I have a requirement to do some imports from an Excel spread sheet and have been looking at various examples on the web, they all seem to use the "Jet" driver which is not compatible with 64Bit.

Now I am fully aware of the workarounds available (in changing how IIS runs etc) however I would like to know if there is replacement for the "Jet" driver so I can read and generate excel sheets from Asp.Net running on a 64Bit server with no IIS modifications.

+1  A: 

The last time I researched there isnt an x64 driver. I use this to open xls files.
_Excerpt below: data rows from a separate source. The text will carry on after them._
(* Let $Z_1,\ldots,Z_{n+1}$ be i.i.d. from an arbitrary distribution $\mathcal P$, $V$ a fixed score function, $\alpha\in(0,1)$. Fix a finite grid $\mathcal G\subset[0,1]$ containing $0$ and $1$. For $a\in\mathcal G$ let $S(a)=\frac{1}{n+1}\sum_{i=1}^{n+1}\mathbb 1\{V_i\le Q(a;\hat{\mathcal F}_i)\}$. Let $\tilde\alpha_1=\min\{a\in\mathcal G:S(a)\ge\alpha\}$, $\tilde\alpha_2=\max\{a\in\mathcal G:S(a)<\alpha\}$, $\alpha_1=S(\tilde\alpha_1)$, $\alpha_2=S(\tilde\alpha_2)$, and let $\tilde\alpha=\tilde\alpha_1$ with probability $\frac{\alpha-\alpha_2}{\alpha_1-\alpha_2}$ and $\tilde\alpha=\tilde\alpha_2$ with probability $\frac{\alpha_1-\alpha}{\alpha_1-\alpha_2}$, using a randomization independent of the data. Then $\mathbb P\{V_{n+1}\le Q(\tilde\alpha;\hat{\mathcal F})\}=\alpha$.
   Context: Data: $Z_i=(X_i,Y_i)\in\mathbb R^p\times\mathbb R$, $i=1,\ldots,n+1$; $X=\{X_1,\ldots,X_{n+1}\}$ (unordered). A localizer is a function $H(x_1,x_2,X)\in[0,1]$ of $x_1,x_2\in\mathbb R^p$ and of the unordered set $X$, satisfying $H(x,x,X)=1$ for all $x$. Write $H_{i,j}=H(X_i,X_j,X)$ and $p^H_{i,j}=H_{i,j}/\sum_{k=1}^{n+1}H_{i,k}$. For a probability distribution $\mathcal F$ on $\mathbb R\cup\{\infty\}$ and $a\in[0,1]$, $Q(a;\mathcal F)=\inf\{t:\mathbb P_{T\sim\mathcal F}(T\le t)\ge a\}$ (with $Q(0;\mathcal F)=-\infty$); $\delta_v$ denotes the point mass at $v$. A fixed score function is a deterministic measurable $V:\mathbb R^p\times\mathbb R\to[0,\infty)$ not depending on the data; $V_i=V(Z_i)$. Define $\hat{\mathcal F}_i=\sum_{j=1}^{n+1}p^H_{i,j}\delta_{V_j}$ for $i=1,\ldots,n+1$, and $\hat{\mathcal F}=\sum_{j=1}^{n}p^H_{n+1,j}\delta_{V_j}+p^H_{n+1,n+1}\delta_{\infty}$.
   Formalization: Each localizer entry $H_{i,j}=H(X_i,X_j,X)$ is also a measurable function of the data $(Z_1,\ldots,Z_{n+1})$, for all i and j. The statement above fails without it. *)

From HB Require Import structures.
From mathcomp Require Import all_boot all_order all_algebra.
From mathcomp Require Import all_classical all_reals all_analysis.
Set Implicit Arguments. Unset Strict Implicit. Unset Printing Implicit Defensive.
Import Order.TTheory GRing.Theory Num.Theory.
Local Open Scope classical_set_scope.
Local Open Scope ring_scope.

Section LocalizedConformal.
Variables (R : realType) (p n : nat).

Definition dataT := (p.-tuple R * R)%type.

(* Q(a; F) for the discrete distribution F = \sum_j w j \delta_{v j}
   on R \cup {oo}, with Q(0; F) = -oo. *)
Definition quantile m (w : 'I_m -> R) (v : 'I_m -> \bar R) (a : R) : \bar R :=
  if a == 0 then -oo%E
  else ereal_inf [set t : \bar R |
         (a%:E <= (\sum_(j < m | (v j <= t)%E) w j)%:E)%E].

Variables (V : dataT -> R)
          (H : p.-tuple R -> p.-tuple R -> set (p.-tuple R) -> R).

Definition Hmat (z : 'I_n.+1 -> dataT) (i j : 'I_n.+1) : R :=
  H (z i).1 (z j).1 [set (z k).1 | k in [set: 'I_n.+1]].

Definition pH (z : 'I_n.+1 -> dataT) (i j : 'I_n.+1) : R :=
  Hmat z i j / \sum_(k < n.+1) Hmat z i k.

Definition Q_Fi (z : 'I_n.+1 -> dataT) (i : 'I_n.+1) (a : R) : \bar R :=
  quantile (pH z i) (fun j => (V (z j))%:E) a.

Definition Q_Fhat (z : 'I_n.+1 -> dataT) (a : R) : \bar R :=
  quantile (pH z ord_max)
    (fun j => if j == ord_max then +oo%E else (V (z j))%:E) a.

Definition Sfun (z : 'I_n.+1 -> dataT) (a : R) : R :=
  (n.+1%:R)^-1 * \sum_(i < n.+1) ((V (z i))%:E <= Q_Fi z i a)%E%:R.

Variables (grid : seq R) (alpha : R).

Definition talpha1 (z : 'I_n.+1 -> dataT) : R :=
  inf [set a | a \in grid /\ alpha <= Sfun z a].
Definition talpha2 (z : 'I_n.+1 -> dataT) : R :=
  sup [set a | a \in grid /\ Sfun z a < alpha].

Definition alpha1 z := Sfun z (talpha1 z).
Definition alpha2 z := Sfun z (talpha2 z).

(* randomized choice driven by an auxiliary u in [0,1]:
   tilde alpha = tilde alpha_1 iff u <= (alpha - alpha_2)/(alpha_1 - alpha_2),
   so that for u ~ Unif[0,1] independent of the data this happens with
   probability (alpha - alpha_2)/(alpha_1 - alpha_2). *)
Definition talpha (z : 'I_n.+1 -> dataT) (u : R) : R :=
  if u <= (alpha - alpha2 z) / (alpha1 z - alpha2 z) then talpha1 z
  else talpha2 z.

End LocalizedConformal.

Definition mutually_independent (R : realType) (d : measure_display)
  (Omega : measurableType d) (P : probability Omega R) (p n : nat)
  (Z : 'I_n.+1 -> Omega -> dataT R p) (U : Omega -> R) : Prop :=
  forall (A : 'I_n.+1 -> set (dataT R p)) (B : set R),
    (forall i, measurable (A i)) -> measurable B ->
    P ((\bigcap_i (Z i @^-1` A i)) `&` (U @^-1` B)) =
    ((\prod_(i < n.+1) P (Z i @^-1` A i)) * P (U @^-1` B))%E.

From HB Require Import structures.
From mathcomp Require Import all_boot all_order all_algebra.
From mathcomp Require Import all_classical all_reals all_analysis.
From mathcomp Require Import fingroup perm ring.
Import Order.TTheory GRing.Theory Num.Theory.
Local Open Scope classical_set_scope.
Local Open Scope ring_scope.
Set Implicit Arguments. Unset Strict Implicit. Unset Printing Implicit Defensive.

(* Since Z_1, ..., Z_{n+1} are i.i.d. and independent of U, the law of
   (Z_{s 1}, ..., Z_{s (n+1)}, U) does not depend on the permutation s, while
   the scores S(a), and hence the randomized level, are invariant under
   permuting the data.  So the events V_i <= Q(tilde alpha; F_i) all have the
   same probability, and for i = n+1 it is the target event: V_{n+1} is below
   Q(a; F) iff the localized mass strictly below V_{n+1} is less than a, for
   F = F_{n+1} as well as for hat F.  Finally, for fixed data the U-average of
   the mean of these n+1 indicators is alpha_1 * c + alpha_2 * (1 - c) = alpha,
   where c is the probability of choosing tilde alpha_1. *)

Section real_lemmas.
Variable R : realType.

Lemma lee_quantile m (w : 'I_m -> R) (v : 'I_m -> \bar R) (a x : R) :
  (forall j, 0 <= w j) -> a != 0 ->
  (x%:E <= quantile w v a)%E = (\sum_(j < m | (v j < x%:E)%E) w j < a).
Proof.
move=> w0 a0; rewrite /quantile (negbTE a0).
apply/idP/idP => [xle|lta].
- rewrite ltNge; apply/negP => ale.
  (* the largest atom below [x] already carries mass [a] *)
  pose t := \big[Order.max/-oo%E]_(j | (v j < x%:E)%E) v j.
  have tx : (t < x%:E)%E by apply: bigmax_lt => //; exact: ltNyr.
  have St : (a%:E <= (\sum_(j < m | (v j <= t)%E) w j)%:E)%E.
    rewrite lee_fin (eq_bigl (fun j => (v j < x%:E)%E)) // => j.
    apply/idP/idP => [vjt|vjx]; first exact: le_lt_trans vjt tx.
    exact: le_bigmax_cond.
  have := le_lt_trans (le_trans xle (ereal_inf_lbound St)) tx.
  by rewrite ltxx.
- apply/ereal_infP => t /=; rewrite lee_fin => St.
  rewrite leNgt; apply/negP => tx.
  suff : \sum_(j < m | (v j <= t)%E) w j <= \sum_(j < m | (v j < x%:E)%E) w j.
    by move=> h; have := le_lt_trans (le_trans St h) lta; rewrite ltxx.
  rewrite [leRHS]big_mkcond [leLHS]big_mkcond /=; apply: ler_sum => j _.
  case: ifPn => vjt; last by case: ifPn.
  by rewrite (le_lt_trans vjt tx).
Qed.

Lemma finite_sup_mem (S : set R) : finite_set S -> S !=set0 -> S (sup S).
Proof.
move=> /finite_seqP[s ->] [a /= sa].
pose m := \big[Order.max/a]_(x <- s) x.
have ms : m \in s.
  rewrite /m big_seq; elim/big_rec: _ => // x y xs ys.
  by rewrite /Order.max; case: ifP.
have ub : ubound [set` s] m by move=> y /= ys; exact: le_bigmax_seq.
suff -> : sup [set` s] = m by [].
apply/le_anti/andP; split; first by apply: ge_sup => //; exists a.
by apply: ub_le_sup => //; exists m.
Qed.

Lemma finite_inf_mem (S : set R) : finite_set S -> S !=set0 -> S (inf S).
Proof.
move=> finS [a Sa]; rewrite /inf.
have [x Sx <-] : (-%R @` S) (sup (-%R @` S)).
  by apply: finite_sup_mem; [exact: finite_image | exists (- a), a].
by rewrite opprK.
Qed.

Lemma eq_enatmul_EFin (x : \bar R) (y : R) k :
  (x *+ k.+1)%E = (y *+ k.+1)%:E -> x = y%:E.
Proof.
case: x => [r | |]; rewrite ?enatmul_pinfty ?enatmul_ninfty // -EFin_natmul.
by move=> -[] /eqP; rewrite eqrMn2r => /eqP ->.
Qed.
End real_lemmas.

Section localizer.
Variables (R : realType) (p n : nat) (V : dataT R p -> R)
  (H : p.-tuple R -> p.-tuple R -> set (p.-tuple R) -> R).
Hypothesis H01 : forall x1 x2 X, 0 <= H x1 x2 X <= 1.
Hypothesis H1 : forall x X, H x x X = 1.
Implicit Types (z : 'I_n.+1 -> dataT R p) (i j : 'I_n.+1).

Definition mass z i := \sum_(k < n.+1) Hmat H z i k.
Definition mass_below z i := \sum_(j | V (z j) < V (z i)) Hmat H z i j.

Lemma Hmat_ge0 z i j : 0 <= Hmat H z i j.
Proof. by case/andP: (H01 (z i).1 (z j).1 [set (z k).1 | k in [set: 'I_n.+1]]). Qed.

Lemma massE z i : mass z i = 1 + \sum_(k | k != i) Hmat H z i k.
Proof. by rewrite /mass (bigD1 i) //= [Hmat _ _ _ _]H1. Qed.

Lemma mass_gt0 z i : 0 < mass z i.
Proof.
rewrite massE; apply: (lt_le_trans ltr01); rewrite lerDl.
by apply: sumr_ge0 => k _; exact: Hmat_ge0.
Qed.

Lemma mass_below_lt z i : mass_below z i < mass z i.
Proof.
rewrite massE; apply: ltr_pwDl => //.
rewrite /mass_below [leRHS]big_mkcond [leLHS]big_mkcond /=; apply: ler_sum => j _.
case: ifPn => [ltji|_]; last by case: ifP => // _; exact: Hmat_ge0.
by case: eqP ltji => [->|//]; rewrite ltxx.
Qed.

(* The atoms [v] need only be ranked like the scores against [V_i]: this
   covers [\hat F_i] as well as [\hat F], whose last atom is [+oo]. *)
Lemma lee_quantile_pH z i (v : 'I_n.+1 -> \bar R) a :
  (forall j, (v j < (V (z i))%:E)%E = (V (z j) < V (z i))) ->
  ((V (z i))%:E <= quantile (pH H z i) v a)%E =
  (a != 0) && (mass_below z i < a * mass z i).
Proof.
move=> hv; have [->|a0] := eqVneq a 0; first by rewrite /quantile eqxx leeNy_eq.
rewrite lee_quantile //; last by move=> j; rewrite divr_ge0 ?Hmat_ge0 ?ltW ?mass_gt0.
by rewrite /= (eq_bigl _ _ hv) /pH -big_distrl /= ltr_pdivrMr ?mass_gt0.
Qed.

Lemma lee_Q_Fi z i a :
  ((V (z i))%:E <= Q_Fi V H z i a)%E = (a != 0) && (mass_below z i < a * mass z i).
Proof. by apply: lee_quantile_pH => j; rewrite lte_fin. Qed.

Lemma lee_Q_Fhat z a :
  ((V (z ord_max))%:E <= Q_Fhat V H z a)%E =
  (a != 0) && (mass_below z ord_max < a * mass z ord_max).
Proof.
apply: lee_quantile_pH => j; case: eqP => [->|_]; last by rewrite lte_fin.
by rewrite ltxx.
Qed.

Lemma sum_le_Q_Fi z a :
  \sum_i ((V (z i))%:E <= Q_Fi V H z i a)%E%:R = n.+1%:R * Sfun V H z a.
Proof. by rewrite /Sfun mulrA mulfV ?mul1r ?pnatr_eq0. Qed.

Lemma Sfun0 z : Sfun V H z 0 = 0.
Proof. by rewrite /Sfun big1 ?mulr0 // => i _; rewrite lee_Q_Fi eqxx. Qed.

Lemma Sfun1 z : Sfun V H z 1 = 1.
Proof.
rewrite /Sfun (eq_bigr (fun _ => 1)); first by rewrite sumr_const card_ord mulVf.
by move=> i _; rewrite lee_Q_Fi oner_eq0 mul1r mass_below_lt.
Qed.

Section permutation.
Variable s : {perm 'I_n.+1}.

Lemma Hmat_perm z i j : Hmat H (z \o s) i j = Hmat H z (s i) (s j).
Proof.
rewrite /Hmat /=; congr H; apply/seteqP; split => _ [k _ <-]; first by exists (s k).
by exists ((s^-1)%g k) => //=; rewrite permKV.
Qed.

Lemma mass_perm z i : mass (z \o s) i = mass z (s i).
Proof.
rewrite /mass [RHS](reindex_inj (@perm_inj _ s)) /=.
by apply: eq_bigr => k _; rewrite Hmat_perm.
Qed.

Lemma mass_below_perm z i : mass_below (z \o s) i = mass_below z (s i).
Proof.
rewrite /mass_below [RHS](reindex_inj (@perm_inj _ s)) /=.
by apply: eq_bigr => k _; rewrite Hmat_perm.
Qed.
It works on 64bit boxes so long as you compile using x86.

 DataSet myDataset = new DataSet();
                string strConn = @"Provider=Microsoft.ACE.OLEDB.12.0;Data Source=" + filename + @";Extended Properties=""Excel 12.0 Xml;HDR=YES""";
                OleDbConnection myData = new OleDbConnection(strConn);
                try {
                                      myData.Open();
                }
                catch (OleDbException e) {
                    try {
                        strConn = "Provider=Microsoft.Jet.OLEDB.4.0;" + "Data Source=" + filename + ";" + "Extended Properties=Excel 8.0;HDR=YES;";
                        myData = new OleDbConnection(strConn);
                        myData.Open();
                    }
                    catch (Exception e2) {
                        strConn = @"Provider=Microsoft.Jet.OLEDB.4.0;Data Source=" + filename + @";Extended Properties=""HTML Import;HDR=YES;IMEX=1"";";
                        myData = new OleDbConnection(strConn);
                        myData.Open();
                    }
                }

                int i = 0;
                foreach (DataRow row in myData.GetSchema("tables").Rows)
                    try {
                        i++;
                        string name = row[2].ToString().Replace("''", "'").TrimEnd('_');
                        DataSet ds = new DataSet();
                        OleDbDataAdapter d = new OleDbDataAdapter("SELECT * from [" + name + "]", strConn);
                        d.Fill(ds);
                        DataTable dt = ds.Tables[0].Copy();
                        dt.Namespace = name;
                        myDataset.Tables.Add(dt);
                    }
                    catch (Exception e) {
                    }
                return myDataset;
Dested
If this is a website and isnt compiled?
Pino
Websites are still compiled. This code will work in your asp.net application.
Dested
I understand that. Tell you what will give it a spin and come back with issues.
Pino
+1  A: 

SpreadsheetGear for .NET is an Excel compatible spreadsheet component for .NET which works equally well with 32 bit and 64 bit applicaions (including IIS).

You can see live ASP.NET samples here and download the free trial here if you want to try it yourself.

Disclaimer: I own SpreadsheetGear LLC

Joe Erickson
A: 

Have you already thought of giving the Open XML SDK a try?

Rob
A: 

You can try SmartXLS for .Net,it is a .Net spreadsheet component which support most Excel features like charts,pivots,formula evaluation,cell formattings,decrypt/encrypt(for both xls and xlsx)...etc.

liya
A: 

http://npoi.codeplex.com

I use it myself on a 64bit server with IIS 6.0 Not the easiest one to use, but it works fine (fast, reliable, don't need office installed on server, etc).